RECORDS TO USE:

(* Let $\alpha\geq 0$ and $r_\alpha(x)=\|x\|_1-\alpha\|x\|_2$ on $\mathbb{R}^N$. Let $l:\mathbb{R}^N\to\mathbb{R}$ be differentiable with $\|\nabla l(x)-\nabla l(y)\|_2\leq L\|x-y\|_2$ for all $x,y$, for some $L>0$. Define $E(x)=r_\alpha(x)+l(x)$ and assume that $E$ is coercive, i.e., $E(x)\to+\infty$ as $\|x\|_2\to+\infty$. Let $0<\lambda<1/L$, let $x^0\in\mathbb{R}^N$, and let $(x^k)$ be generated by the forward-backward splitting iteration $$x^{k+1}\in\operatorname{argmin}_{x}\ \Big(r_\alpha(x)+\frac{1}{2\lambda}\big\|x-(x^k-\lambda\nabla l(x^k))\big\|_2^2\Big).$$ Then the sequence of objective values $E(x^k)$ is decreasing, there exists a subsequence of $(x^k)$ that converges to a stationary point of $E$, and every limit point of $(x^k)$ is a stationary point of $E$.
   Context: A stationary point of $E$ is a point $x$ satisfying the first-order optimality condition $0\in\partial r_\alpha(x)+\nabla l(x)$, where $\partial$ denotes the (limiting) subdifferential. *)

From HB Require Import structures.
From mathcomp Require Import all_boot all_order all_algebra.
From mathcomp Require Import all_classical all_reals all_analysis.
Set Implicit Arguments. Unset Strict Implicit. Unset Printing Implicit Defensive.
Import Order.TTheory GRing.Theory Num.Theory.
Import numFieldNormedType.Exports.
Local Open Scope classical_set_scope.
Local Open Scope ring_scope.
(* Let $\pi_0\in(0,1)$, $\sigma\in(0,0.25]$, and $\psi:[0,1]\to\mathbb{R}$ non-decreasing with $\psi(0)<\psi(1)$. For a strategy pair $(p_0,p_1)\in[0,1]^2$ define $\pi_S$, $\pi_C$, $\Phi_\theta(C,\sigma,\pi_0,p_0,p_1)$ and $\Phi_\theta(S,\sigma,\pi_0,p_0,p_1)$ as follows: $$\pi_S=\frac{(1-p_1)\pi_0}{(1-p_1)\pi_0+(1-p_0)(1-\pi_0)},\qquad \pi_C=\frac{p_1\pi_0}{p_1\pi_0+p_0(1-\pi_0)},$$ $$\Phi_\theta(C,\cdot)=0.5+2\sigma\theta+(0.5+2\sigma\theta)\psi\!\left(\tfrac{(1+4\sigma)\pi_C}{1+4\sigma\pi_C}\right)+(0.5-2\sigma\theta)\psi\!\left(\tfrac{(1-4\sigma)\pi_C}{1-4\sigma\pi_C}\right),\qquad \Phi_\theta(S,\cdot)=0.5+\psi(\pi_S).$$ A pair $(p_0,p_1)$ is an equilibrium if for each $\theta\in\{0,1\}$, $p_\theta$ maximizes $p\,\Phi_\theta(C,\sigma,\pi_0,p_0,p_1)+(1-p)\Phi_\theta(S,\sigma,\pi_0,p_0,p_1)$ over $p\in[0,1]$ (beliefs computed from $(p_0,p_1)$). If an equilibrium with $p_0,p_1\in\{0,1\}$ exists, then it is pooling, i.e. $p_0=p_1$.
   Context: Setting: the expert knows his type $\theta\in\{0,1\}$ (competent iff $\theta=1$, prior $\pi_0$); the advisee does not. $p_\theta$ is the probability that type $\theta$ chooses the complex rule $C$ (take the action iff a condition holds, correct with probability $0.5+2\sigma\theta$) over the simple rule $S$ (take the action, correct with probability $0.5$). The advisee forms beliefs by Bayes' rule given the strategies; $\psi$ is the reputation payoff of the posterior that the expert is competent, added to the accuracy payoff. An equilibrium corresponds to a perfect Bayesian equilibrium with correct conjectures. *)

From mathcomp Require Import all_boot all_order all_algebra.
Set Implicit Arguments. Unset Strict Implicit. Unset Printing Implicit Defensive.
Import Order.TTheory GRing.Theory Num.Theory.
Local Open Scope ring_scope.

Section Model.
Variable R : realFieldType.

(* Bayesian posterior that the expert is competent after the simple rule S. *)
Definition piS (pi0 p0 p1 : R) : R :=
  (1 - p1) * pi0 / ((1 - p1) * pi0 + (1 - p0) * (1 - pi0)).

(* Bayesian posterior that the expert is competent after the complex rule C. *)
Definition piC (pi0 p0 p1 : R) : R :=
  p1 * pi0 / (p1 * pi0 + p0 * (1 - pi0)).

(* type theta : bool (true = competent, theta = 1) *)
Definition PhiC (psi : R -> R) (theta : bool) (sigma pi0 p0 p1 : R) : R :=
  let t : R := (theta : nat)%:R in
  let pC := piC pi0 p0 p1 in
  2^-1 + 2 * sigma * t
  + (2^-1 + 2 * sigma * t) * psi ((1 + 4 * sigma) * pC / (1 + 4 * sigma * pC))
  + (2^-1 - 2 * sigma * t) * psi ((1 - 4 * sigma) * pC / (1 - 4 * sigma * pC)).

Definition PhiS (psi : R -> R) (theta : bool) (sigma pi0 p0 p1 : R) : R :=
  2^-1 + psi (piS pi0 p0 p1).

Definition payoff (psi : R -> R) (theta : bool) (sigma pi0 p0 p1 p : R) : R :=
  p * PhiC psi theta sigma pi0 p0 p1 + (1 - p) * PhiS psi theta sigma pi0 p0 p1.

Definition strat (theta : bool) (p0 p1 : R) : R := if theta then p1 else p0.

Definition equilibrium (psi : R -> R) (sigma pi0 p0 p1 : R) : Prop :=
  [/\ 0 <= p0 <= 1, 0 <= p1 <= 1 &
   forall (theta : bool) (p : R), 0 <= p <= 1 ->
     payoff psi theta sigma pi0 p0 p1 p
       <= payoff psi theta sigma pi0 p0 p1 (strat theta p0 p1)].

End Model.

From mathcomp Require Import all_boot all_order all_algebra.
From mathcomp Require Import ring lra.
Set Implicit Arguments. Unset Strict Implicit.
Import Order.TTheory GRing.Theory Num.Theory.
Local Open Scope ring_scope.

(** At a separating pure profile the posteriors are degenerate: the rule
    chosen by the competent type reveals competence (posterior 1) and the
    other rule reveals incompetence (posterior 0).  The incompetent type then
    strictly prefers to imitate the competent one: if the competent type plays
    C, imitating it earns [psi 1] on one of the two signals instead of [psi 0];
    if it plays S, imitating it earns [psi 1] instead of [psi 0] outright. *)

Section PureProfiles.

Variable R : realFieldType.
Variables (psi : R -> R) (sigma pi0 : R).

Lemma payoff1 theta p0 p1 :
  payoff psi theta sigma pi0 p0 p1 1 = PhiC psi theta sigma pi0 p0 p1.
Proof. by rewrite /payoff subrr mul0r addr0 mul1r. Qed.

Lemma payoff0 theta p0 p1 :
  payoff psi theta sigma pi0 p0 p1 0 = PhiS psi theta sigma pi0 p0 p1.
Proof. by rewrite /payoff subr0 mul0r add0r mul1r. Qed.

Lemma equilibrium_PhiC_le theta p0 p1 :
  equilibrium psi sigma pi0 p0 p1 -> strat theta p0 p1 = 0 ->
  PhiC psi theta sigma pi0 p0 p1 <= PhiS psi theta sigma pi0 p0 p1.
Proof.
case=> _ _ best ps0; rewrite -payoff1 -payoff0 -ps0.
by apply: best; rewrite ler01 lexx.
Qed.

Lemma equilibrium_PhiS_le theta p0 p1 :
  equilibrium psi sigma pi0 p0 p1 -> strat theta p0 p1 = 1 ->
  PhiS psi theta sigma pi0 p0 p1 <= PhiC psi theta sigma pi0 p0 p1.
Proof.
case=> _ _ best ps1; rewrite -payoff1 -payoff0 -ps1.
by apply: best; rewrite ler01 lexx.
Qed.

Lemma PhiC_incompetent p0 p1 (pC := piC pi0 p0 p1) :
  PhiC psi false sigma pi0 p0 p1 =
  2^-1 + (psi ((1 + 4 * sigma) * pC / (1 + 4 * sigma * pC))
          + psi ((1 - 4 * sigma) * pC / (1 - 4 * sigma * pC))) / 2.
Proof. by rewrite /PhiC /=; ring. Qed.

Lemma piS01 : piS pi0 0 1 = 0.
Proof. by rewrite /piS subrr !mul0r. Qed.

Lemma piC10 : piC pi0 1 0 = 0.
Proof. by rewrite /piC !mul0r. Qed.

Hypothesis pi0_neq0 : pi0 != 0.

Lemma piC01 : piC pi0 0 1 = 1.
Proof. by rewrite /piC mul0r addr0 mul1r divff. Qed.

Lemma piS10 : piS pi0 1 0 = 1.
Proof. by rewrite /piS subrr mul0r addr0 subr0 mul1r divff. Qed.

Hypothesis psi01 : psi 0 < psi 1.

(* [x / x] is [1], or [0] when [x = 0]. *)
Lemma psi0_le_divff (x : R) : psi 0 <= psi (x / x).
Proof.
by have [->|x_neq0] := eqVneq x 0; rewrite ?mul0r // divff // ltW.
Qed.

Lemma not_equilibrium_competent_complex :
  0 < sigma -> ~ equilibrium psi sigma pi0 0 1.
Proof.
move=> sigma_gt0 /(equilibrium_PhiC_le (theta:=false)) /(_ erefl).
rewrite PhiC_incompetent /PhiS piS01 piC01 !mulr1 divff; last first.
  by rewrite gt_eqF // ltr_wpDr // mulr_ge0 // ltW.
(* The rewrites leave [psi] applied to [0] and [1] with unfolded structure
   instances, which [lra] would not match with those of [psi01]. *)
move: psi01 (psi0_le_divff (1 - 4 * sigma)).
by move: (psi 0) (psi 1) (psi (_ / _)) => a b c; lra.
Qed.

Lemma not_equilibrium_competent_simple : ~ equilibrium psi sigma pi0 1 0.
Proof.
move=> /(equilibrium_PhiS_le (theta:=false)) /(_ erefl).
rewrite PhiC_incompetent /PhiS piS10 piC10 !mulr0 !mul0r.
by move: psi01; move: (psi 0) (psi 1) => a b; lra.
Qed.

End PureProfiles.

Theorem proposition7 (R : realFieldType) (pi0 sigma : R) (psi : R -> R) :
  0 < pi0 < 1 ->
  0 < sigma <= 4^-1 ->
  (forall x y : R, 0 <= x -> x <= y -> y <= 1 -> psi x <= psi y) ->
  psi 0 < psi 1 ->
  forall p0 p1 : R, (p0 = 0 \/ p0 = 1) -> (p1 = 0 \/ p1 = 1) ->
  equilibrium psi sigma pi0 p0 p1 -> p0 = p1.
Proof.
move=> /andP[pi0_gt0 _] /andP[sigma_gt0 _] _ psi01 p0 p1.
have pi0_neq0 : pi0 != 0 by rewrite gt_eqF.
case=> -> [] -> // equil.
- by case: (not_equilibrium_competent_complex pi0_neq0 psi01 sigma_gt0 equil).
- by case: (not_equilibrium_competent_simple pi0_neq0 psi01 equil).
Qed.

EXERCISE PROMPT: Using the material above, extract the line that contains "Proof. by rewrite /piC !mul0r. Qed." and every line after it, exactly as given; stop at the last line.

ANSWER SECTION:
Proof. by rewrite /piC !mul0r. Qed.

Hypothesis pi0_neq0 : pi0 != 0.

Lemma piC01 : piC pi0 0 1 = 1.
Proof. by rewrite /piC mul0r addr0 mul1r divff. Qed.

Lemma piS10 : piS pi0 1 0 = 1.
Proof. by rewrite /piS subrr mul0r addr0 subr0 mul1r divff. Qed.

Hypothesis psi01 : psi 0 < psi 1.

(* [x / x] is [1], or [0] when [x = 0]. *)
Lemma psi0_le_divff (x : R) : psi 0 <= psi (x / x).
Proof.
by have [->|x_neq0] := eqVneq x 0; rewrite ?mul0r // divff // ltW.
Qed.

Lemma not_equilibrium_competent_complex :
  0 < sigma -> ~ equilibrium psi sigma pi0 0 1.
Proof.
move=> sigma_gt0 /(equilibrium_PhiC_le (theta:=false)) /(_ erefl).
rewrite PhiC_incompetent /PhiS piS01 piC01 !mulr1 divff; last first.
  by rewrite gt_eqF // ltr_wpDr // mulr_ge0 // ltW.
(* The rewrites leave [psi] applied to [0] and [1] with unfolded structure
   instances, which [lra] would not match with those of [psi01]. *)
move: psi01 (psi0_le_divff (1 - 4 * sigma)).
by move: (psi 0) (psi 1) (psi (_ / _)) => a b c; lra.
Qed.

Lemma not_equilibrium_competent_simple : ~ equilibrium psi sigma pi0 1 0.
Proof.
move=> /(equilibrium_PhiS_le (theta:=false)) /(_ erefl).
rewrite PhiC_incompetent /PhiS piS10 piC10 !mulr0 !mul0r.
by move: psi01; move: (psi 0) (psi 1) => a b; lra.
Qed.

End PureProfiles.

Theorem proposition7 (R : realFieldType) (pi0 sigma : R) (psi : R -> R) :
  0 < pi0 < 1 ->
  0 < sigma <= 4^-1 ->
  (forall x y : R, 0 <= x -> x <= y -> y <= 1 -> psi x <= psi y) ->
  psi 0 < psi 1 ->
  forall p0 p1 : R, (p0 = 0 \/ p0 = 1) -> (p1 = 0 \/ p1 = 1) ->
  equilibrium psi sigma pi0 p0 p1 -> p0 = p1.
Proof.
move=> /andP[pi0_gt0 _] /andP[sigma_gt0 _] _ psi01 p0 p1.
have pi0_neq0 : pi0 != 0 by rewrite gt_eqF.
case=> -> [] -> // equil.
- by case: (not_equilibrium_competent_complex pi0_neq0 psi01 sigma_gt0 equil).
- by case: (not_equilibrium_competent_simple pi0_neq0 psi01 equil).
Qed.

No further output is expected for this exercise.